I've shopped in Tokyo, London, Paris, Toronto, Australia and the US for groceries and household items. We are more expensive. Period.
NTUC is not a co-operative. It is a Temasek-linked cartel and its practices are highly anti-competitive. If it had operated in America a multi-billion class action anti-trust lawsuit would have been filed right away.
TFBH is right: S'pore being a high-priced place has nothing to do with our having to import essential items. Walmart and Tesco import everything from China, and their prices are at least 40%–70% than comparable items here.
Three factors are at play here:
1. Land pricing. The government is the biggest land owner here. By tendering land parcels at high minimum bid prices, pegging HDB prices to private property, maintaining high commercial rents via JTC and HDB ... the govt has effectively set up a rentier state which sucks money from the people back to the state, its various state-owned corporations and their shareholders, i.e. the cronies and elite . High land prices → high rentals → high business cost and retail prices.
2. Market collusion.

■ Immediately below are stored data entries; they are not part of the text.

Lemma inv_modpP p b : prime p -> ~~ (p %| b)%N -> congz p%:Z (b%:Z * inv_modp p b) 1.
Proof.
move=> pp pb; have p1 := prime_gt1 pp.
have -> : b%:Z * inv_modp p b = b%:Z ^+ p.-1.
  by rewrite /inv_modp -PoszXn -PoszM -expnS; congr (Posz (_ ^ _)); lia.
exact: fermat_unit.
Qed.

Definition teich (p b : nat) : Zpad := fun k => b%:Z ^+ (p ^ k).

Lemma teich_step p b k : prime p ->
  congz (pw p k.+1) (teich p b k.+1) (teich p b k).
Proof. by move=> pp; apply: frobenius_lift; apply: fermat_congz. Qed.

Lemma teichP p b : prime p -> IsTeich p b (teich p b).
Proof.
move=> pp; split; [|split].
- by apply/coherentP => k; apply: congz_dvd (teich_step b k pp); apply: pw_dvd.
- move=> k; rewrite eqmodpE /teich -exprM -expnSr.
  by apply: congz_dvd (teich_step b k pp); apply: pw_dvd.
- by rewrite eqmodpE pw1 /teich expn1; apply: fermat_congz.
Qed.

Definition mu (p s : nat) : nat := ((p ^ s).-1)./2.

Lemma odd_split m : odd m -> m = (m./2).*2.+1.
Proof. by move=> om; rewrite -{1}(odd_double_half m) om. Qed.

Lemma muP p s : odd p -> (1 + 2 * mu p s = p ^ s)%N.
Proof.
move=> op; have oP : odd (p ^ s) by rewrite oddX op orbT.
have hP := odd_split oP.
rewrite /mu {1}hP /= doubleK [in RHS]hP -muln2; lia.
Qed.

Lemma mu_step p s : odd p -> mu p s.+1 = (mu p s + p ^ s * p./2)%N.
Proof.
move=> op; have h1 := muP s op; have h2 := muP s.+1 op.
have hp : p = (2 * p./2 + 1)%N by rewrite {1}(odd_split op) -muln2; lia.
rewrite -h1 expnSr -h1 in h2 *; nia.
Qed.

Lemma mu1 p : odd p -> mu p 1 = p./2.
Proof. by move=> op; have := muP 1 op; rewrite expn1 {2}(odd_split op) -muln2; lia. Qed.

(* mu_s >= s, so for large s the box 0 <= a_i <= mu_s contains any fixed box. *)
Lemma mu_ge p s : (3 <= p)%N -> (s <= mu p s)%N.
Proof.
move=> p3; rewrite /mu geq_half_double.
suff : (2 * s + 1 <= p ^ s)%N by rewrite -muln2; lia.
elim: s => [|s IH]; first by rewrite expn0.
rewrite expnS; nia.
Qed.

Lemma pow_mu_cong p k s (T : int) : odd p -> congz p%:Z (T ^+ p./2) 1 -> (k <= s)%N ->
  congz (pw p k) (T ^+ mu p s) (T ^+ mu p k).
Proof.
move=> op h; elim: s => [|s IH]; first by rewrite leqn0 => /eqP ->; apply: congz_refl.
rewrite leq_eqVlt => /orP [/eqP ->|]; first exact: congz_refl.
rewrite ltnS => hks; apply: congz_trans (IH hks).
rewrite mu_step // exprD mulnC exprM -[X in congz _ _ X]mulr1.
apply: congzM; first exact: congz_refl.
have hlift := congz_lift s h; rewrite expr1n in hlift.
by apply: congz_dvd hlift; apply: pw_dvd; apply: leqW.
Qed.

Section SquareRoot.
Variables (p b : nat) (t : Zpad).
Hypotheses (p_prime : prime p) (p_odd : odd p) (b_unit : ~~ (p %| b)%N).
Hypotheses (t_coh : coherent p t) (t_res : congz p%:Z (t 1%N) (b%:Z ^+ 2)).

Local Notation c := b%:Z.
Local Notation g := (inv_modp p b).

Let cg_unit : congz p%:Z (c * g) 1 := inv_modpP p_prime b_unit.
Let g_fermat : congz p%:Z (g ^+ p) g := fermat_congz _ p_prime.

(* y_k = g^{p^k} t_k^{mu_k}: the inverse of the square root of t lying
   over c, and r = t y that square root. *)
Definition invsqrt : Zpad := fun k => g ^+ (p ^ k) * t k ^+ mu p k.
Definition sqrtZ : Zpad := fun k => t k * invsqrt k.

Lemma t_res_all k : (0 < k)%N -> congz p%:Z (t k) (c ^+ 2).
Proof. by move=> k0; apply: congz_trans t_res; rewrite -pw1; apply: coherent_le. Qed.

Lemma t_euler k : (0 < k)%N -> congz p%:Z (t k ^+ p./2) 1.
Proof.
move=> k0; apply: congz_trans (fermat_unit p_prime b_unit).
have -> : p.-1 = (2 * p./2)%N by rewrite {1}(odd_split p_odd) /= mul2n.
by rewrite exprM; apply: congzX; apply: t_res_all.
Qed.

The economy – unlike the other 3 dragon economies – is dominated by MNCs and GLCs. So there's market collusion on a grand scale which squeezes out the small proprietor and SMEs. Chain stores dominate, many of which are GIC or Temasek-owned. Result: effective cartels formed with price inflexibility.
3. Unbridled immigration of super-wealthy folks → inflation. You don't need a PhD in economics to understand how this impacts property prices and secondarily retail prices.